Monday, January 2, 2012

Solasishock: Degrees of Freedom = Money

Solasishock: Degrees of Freedom = Money

Degrees of Freedom = Money

Well,  here it is, 2012, the year where everything ends on 12/21. Well we better get ready, because anything that ends postulates something beginning, and I think it's beginning now. I know I was born in what I thought was America, but lately I  have begun to think that I live in Amerika,  with a spiraling down of personal freedoms as the famous saying goes, “the rich get richer and the poor get poorer.”

The only problem with that scenario is the ratio between the rich and the poor, and how you define each of those terms. Personally, I don't enter thoughts of UFOs or Mayan calendars, except in the sense that the Mayans get to celebrate New Year's early.

I suggest that the term rich and poor have to do with degrees of freedom. America is said to be the land of the free and the home of the brave, but by percentage, less and less of us have less and less freedom. Most of us are counting our pennies while the rich count their millions. I don't care much for things, because anything I own also owns me–otherwise why would I go searching for it when I can't find it? I am then it's servant, it's slave–for as long as it takes for me to either find it were to declare it lost.

The term “degrees of freedom” is a term from physics having to do with symmetry, with the symmetry of the sphere being greatest, because no matter how you roll it, it looks the same. Not so with a rectangle, in a square you would have 90° of symmetry or 6 different positions which would look the same. With a rectangle if you have a strange grouping where one group of symmetry are the 4 ways you could turn it, and 2 additional but completely different degrees of freedom when you stand it on its end.

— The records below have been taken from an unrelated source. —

Lemma ltdiff_split a b : ltdiff a b ->
  exists s x y a' b', [/\ a = s ++ x :: a', b = s ++ y :: b' & (x < y)%O].
Proof.
elim: a b => [|z a IH] [|y b] //= /orP[zy|/andP[/eqP <- /IH[s [x [x' [a' [b' [-> -> xx']]]]]]]].
  by exists [::], z, y, a, b.
by exists (z :: s), x, x', a', b'.
Qed.

Lemma take_lt_cat (w i j : seq T) : (take (size i) w < i)%O -> (w < i ++ j)%O.
Proof.
case/lt_cases => [hd|[t t0 ei]].
  by rewrite -(cat_take_drop (size i) w); apply/ltdiffW/ltdiff_cat.
case: (ltnP (size w) (size i)) => sw.
  rewrite ei take_oversize ?(ltnW sw) // -catA ltxi_catr //.
  by rewrite -size_eq0 size_cat addn_eq0 size_eq0 negb_and t0.
have : size i = size i + size t by rewrite {1}ei size_cat size_takel.
by move/eqP; rewrite -{1}[size i]addn0 eqn_add2l eq_sym size_eq0 (negbTE t0).
Qed.

End LexOrder.

Section Shuffle.
Variable T : eqType.
Implicit Types (k x y : T) (w a b : seq T).

Fixpoint shuffleb w a b : bool :=
  match w with
  | [::] => (a == [::]) && (b == [::])
  | k :: w' =>
      (if a is x :: a' then (x == k) && shuffleb w' a' b else false)
   || (if b is y :: b' then (y == k) && shuffleb w' a b' else false)
  end.

(* [shuffle w a b]: w is a shuffle of a and b, tested on the reversed words so
   that it follows the recursion of the coefficients [shc] on the last letter. *)
Definition shuffle w a b := shuffleb (rev w) (rev a) (rev b).

Lemma shufflebC w a b : shuffleb w a b = shuffleb w b a.
Proof.
elim: w a b => [|k w IH] [|x a] [|y b] //=; rewrite ?andbT ?orbF; try by rewrite IH.
by rewrite (IH a) (IH (x :: a)) orbC.
Qed.

Lemma shuffleb_size w a b : shuffleb w a b -> size w = size a + size b.
Proof.
elim: w a b => [|k w IH] a b /=; first by case/andP=> /eqP -> /eqP ->.
case/orP; first by case: a => // x a /andP[_ /IH ->].
by case: b => // y b /andP[_ /IH ->]; rewrite addnS.
Qed.

Lemma shuffleb_nilr w a : shuffleb w a [::] = (w == a).
Proof. by elim: w a => [|k w IH] [|x a] //=; rewrite orbF IH eqseq_cons eq_sym. Qed.

Lemma shuffleb_cat w1 w2 a b : shuffleb (w1 ++ w2) a b ->
  exists a1 a2 b1 b2, [/\ a = a1 ++ a2, b = b1 ++ b2,
     shuffleb w1 a1 b1 & shuffleb w2 a2 b2].
Proof.
elim: w1 a b => [|k w1 IH] a b /=; first by exists [::], a, [::], b.
case/orP.
- case: a => // x a /andP[/eqP <- /IH[a1 [a2 [b1 [b2 [-> -> h1 h2]]]]]].
  by exists (x :: a1), a2, b1, b2; rewrite /= eqxx h1.
- case: b => // y b /andP[/eqP <- /IH[a1 [a2 [b1 [b2 [-> -> h1 h2]]]]]].
  by exists a1, a2, (y :: b1), b2; rewrite /= eqxx h1 orbT.
Qed.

What has that got to do with me, you will probably ask? Well, although money has no intrinsic value of its own (it used to be tied to the gold standard and the silver standard but now it is tied to nothing), still has as much value as you pretend it does (or society at large). We will be talking about the Federal Reserve later, but right now we just want to associate money with degrees of freedom. If you are homeless and are begging for change you have almost no degrees of freedom–you must do the same thing day after day with no respite. With more money you may rent an apartment–with more you can buy a house etc.

The rich can go skiing and live their lives on vacation. If they have enough money they can play at it–the money game. When I used to tour through Europe it drove me crazy because every time we crossed a border we had to change our money into a different currency, and the money changers always charged you to exchange currencies. This of course, depletes in a small amount your degrees of freedom and establishes borders. If I can use the Euro in quite a few countries I save money because the money changers have been put out of business, but if I go to a country such as Great Britain, who do not use the Euro, where am I? At one of the thousands of money changing establishments, with them scraping off a little off the top every time I change my money.

This, by the way, is the only act of violence that Jesus ever performed during his ministry–on Wednesday, he overturned the money changers at the Temple, because you had to buy sanctified animals from the priests, and they used Shekels, whereas the common people used Roman coins, because they were under the yoke of Roman Rule. Let's run a little timeline, Jesus knocked over the money tables (and you can just imagine the scramble of people to grab the Shekels),  on Thursday evening he was arrested in on Friday morning he was crucified. Wednesday Thursday Friday. No slow-motion justice there. He acted on Wednesday and was dead and thought of as out of the way by Friday afternoon.

Many people when they get rich buy summer homes, boats, yachts, 4 or 5 cars and every other luxury you can imagine. What do I do?  I hope that my next royalty check has a good number on it. That's right, I get royalty checks, which means that I am Royal. That doesn't mean shit.  I have played and performed with my heart and soul and I have given it everything I've got every time, but I have less degrees of freedom than the man who owns the building I live in. What do you think of that?